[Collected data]
- - - -

(* Let $K$ be a positive integer, and let each of $N$ and $J$ be either a positive integer or $\infty$; write $[N]=\{1,\dots,N\}$ (with $[N]=\mathbb{Z}_+$ if $N=\infty$), and similarly for $[J]$. Let $\Theta=[\Theta_1,\dots,\Theta_K]$ with $\Theta_k:[N]\to\mathbb{R}$, let $A=[A_1,\dots,A_K]$ with $A_k:[J]\to\mathbb{R}$, let $Q=[Q_1,\dots,Q_K]$ with $Q_k:[J]\to\{0,1\}$, and let $M=\Theta A^T$, i.e. $M(i,j)=\sum_{k=1}^K\Theta_k(i)A_k(j)$. Suppose $(\Theta,A)$ satisfies the Model Assumptions (1)–(4) relative to $Q$ (see context), and suppose $\operatorname{supp}(Q_k)$ is non-empty for every $k$. Then for each $k\in\{1,\dots,K\}$, the factor loading $A_k$ is identifiable if and only if no $k'\neq k$ masks $k$.
   Context: For $S\subset\{1,\dots,K\}$, $\mathcal{R}(S)\subset[J]$ is the set of indices $j$ such that $Q_k(j)=1$ for all $k\in S$ and $Q_k(j)=0$ for all $k\notin S$. For $\mathcal{R}\subset[J]$ and $S\subset\{1,\dots,K\}$, $A_{[\mathcal{R},S]}$ is the submatrix of $A$ with rows in $\mathcal{R}$ and columns in $S$. $\operatorname{supp}(Q_k)=\{j: Q_k(j)=1\}$. We say $k'$ masks $k$ if $\operatorname{supp}(Q_{k'})\subset\operatorname{supp}(Q_k)$. Model Assumptions for a pair $(\Theta,A)$ relative to $Q$: (1) the columns $\Theta_1,\dots,\Theta_K$ are linearly independent; (2) for every $S\subset\{1,\dots,K\}$ with $\mathcal{R}(S)$ non-empty, the columns of $A_{[\mathcal{R}(S),S]}$ are linearly independent; (3) for every $k$, $A_k(j)=0$ whenever $Q_k(j)=0$; (4) there is a constant $C>0$ with $\sup_{k,i}|\Theta_k(i)|<C$ and $\sup_{k,j}|A_k(j)|<C$. $A_k$ is identifiable if for every decomposition $M=\widetilde\Theta\widetilde A^T$ (with $\widetilde\Theta=[\widetilde\Theta_1,\dots,\widetilde\Theta_K]$, $\widetilde\Theta_k:[N]\to\mathbb{R}$, $\widetilde A=[\widetilde A_1,\dots,\widetilde A_K]$, $\widetilde A_k:[J]\to\mathbb{R}$) such that $(\widetilde\Theta,\widetilde A)$ satisfies Model Assumptions (1)–(4) relative to the same $Q$, the vectors $A_k$ and $\widetilde A_k$ are linearly dependent. *)

From mathcomp Require Import all_boot all_order all_algebra.
From mathcomp Require Import reals.
Set Implicit Arguments. Unset Strict Implicit. Unset Printing Implicit Defensive.
Import Order.TTheory GRing.Theory Num.Theory.
Local Open Scope ring_scope.

(* A size parameter that is a positive integer or infinity:
   [Some n] with 0 < n means n, [None] means infinity. *)
Definition pos_or_inf (N : option nat) : Prop :=
  match N with Some n => (0 < n)%N | None => True end.

Definition inIdx (N : option nat) (i : nat) : bool :=
  match N with Some n => (0 < i <= n)%N | None => (0 < i)%N end.

Definition Idx (N : option nat) : Type := {i : nat | inIdx N i}.

Section Model.
Variables (R : realType) (K : nat) (N J : option nat).

Definition RS (Q : 'I_K -> Idx J -> bool) (S : {set 'I_K}) (j : Idx J) : Prop :=
  forall k : 'I_K, Q k j = (k \in S).

Definition supp (Q : 'I_K -> Idx J -> bool) (k : 'I_K) (j : Idx J) : Prop :=
  Q k j = true.

Definition masks (Q : 'I_K -> Idx J -> bool) (k' k : 'I_K) : Prop :=
  forall j : Idx J, supp Q k' j -> supp Q k j.

Definition model_assumptions (Q : 'I_K -> Idx J -> bool)
    (Th : 'I_K -> Idx N -> R) (A : 'I_K -> Idx J -> R) : Prop :=
  (forall c : 'I_K -> R,
      (forall i : Idx N, \sum_(k < K) c k * Th k i = 0) -> forall k, c k = 0) /\
  (forall S : {set 'I_K}, (exists j, RS Q S j) ->
     forall c : 'I_K -> R,
       (forall j : Idx J, RS Q S j -> \sum_(k in S) c k * A k j = 0) ->
       forall k, k \in S -> c k = 0) /\
  (forall (k : 'I_K) (j : Idx J), Q k j = false -> A k j = 0) /\
  (exists C : R, 0 < C /\
     (forall k i, `|Th k i| < C) /\ (forall k j, `|A k j| < C)).

Definition Mmat (Th : 'I_K -> Idx N -> R) (A : 'I_K -> Idx J -> R)
    (i : Idx N) (j : Idx J) : R := \sum_(k < K) Th k i * A k j.

Definition lin_dep (u v : Idx J -> R) : Prop :=
  exists a b : R, (a != 0 \/ b != 0) /\ forall j, a * u j + b * v j = 0.

Definition identifiable (Q : 'I_K -> Idx J -> bool)
    (Th : 'I_K -> Idx N -> R) (A : 'I_K -> Idx J -> R) (k : 'I_K) : Prop :=
  forall (Th' : 'I_K -> Idx N -> R) (A' : 'I_K -> Idx J -> R),
    (forall i j, Mmat Th A i j = Mmat Th' A' i j) ->
    model_assumptions Q Th' A' ->
    lin_dep (A k) (A' k).
End Model.

(* Since the columns of Theta are linearly independent,
   finitely many rows of Theta already separate them, so the corresponding
   rows of M = Theta' A'^T express A_k as a combination sum_l g_l A'_l.  If
   m <> k does not mask k, pick j with Q_m(j) = 1 and Q_k(j) = 0 and let
   S = {l | Q_l(j) = 1}: on the region R(S) both A_k and every A'_l with l
   outside S vanish, so assumption (2) for A' forces g_m = 0, and A_k is a
   multiple of A'_k.  If k' masks k, replace A_k by A_k + A_k' and
   Theta_k' by Theta_k' - Theta_k.  This leaves M unchanged and, because
   supp(Q_k') is inside supp(Q_k), preserves the model assumptions; but A_k and
   A_k + A_k' are independent, as A_k and A_k' are on a region where both are
   active. *)

From Stdlib Require Import Classical.
From mathcomp Require Import all_boot all_order all_algebra.
From mathcomp Require Import zify.
From mathcomp Require Import reals ring lra.
Set Implicit Arguments. Unset Strict Implicit. Unset Printing Implicit Defensive.
Import Order.TTheory GRing.Theory Num.Theory.
Local Open Scope ring_scope.

Definition free_family (F : pzRingType) (K : nat) (T : Type) (f : 'I_K -> T -> F) :=
  forall c : 'I_K -> F, (forall t, \sum_(k < K) c k * f k t = 0) -> forall k, c k = 0.

Section SampledRows.
Variables (F : fieldType) (K : nat) (T : Type) (f : 'I_K -> T -> F).
Hypothesis f_free : free_family f.

Definition value_row (t : T) : 'rV[F]_K := \row_l f l t.

Definition sample_mx n (s : 'I_n -> T) : 'M[F]_(n, K) := \matrix_a value_row (s a).

Lemma row_full_sample_mx n (s : 'I_n -> T) :
  (forall t, (value_row t <= sample_mx s)%MS) -> row_full (sample_mx s).
Proof.
move=> rows_sub; rewrite -cokermx_eq0; apply/eqP/matrixP => l j.
rewrite [RHS]mxE; move: l.
apply: (f_free (c := fun l => cokermx (sample_mx s) l j)) => t.
have := rows_sub t; rewrite submxE => /eqP/matrixP/(_ 0 j).
rewrite [LHS]mxE [RHS]mxE => row_C; apply: etrans row_C.
by apply: eq_bigr => l _; rewrite [value_row _ _ _]mxE mulrC.
Qed.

- - - -

● **Work to complete**
Copy out each line of the data where the string "region" appears.

● **Answer area**
   S = {l | Q_l(j) = 1}: on the region R(S) both A_k and every A'_l with l
   A_k + A_k' are independent, as A_k and A_k' are on a region where both are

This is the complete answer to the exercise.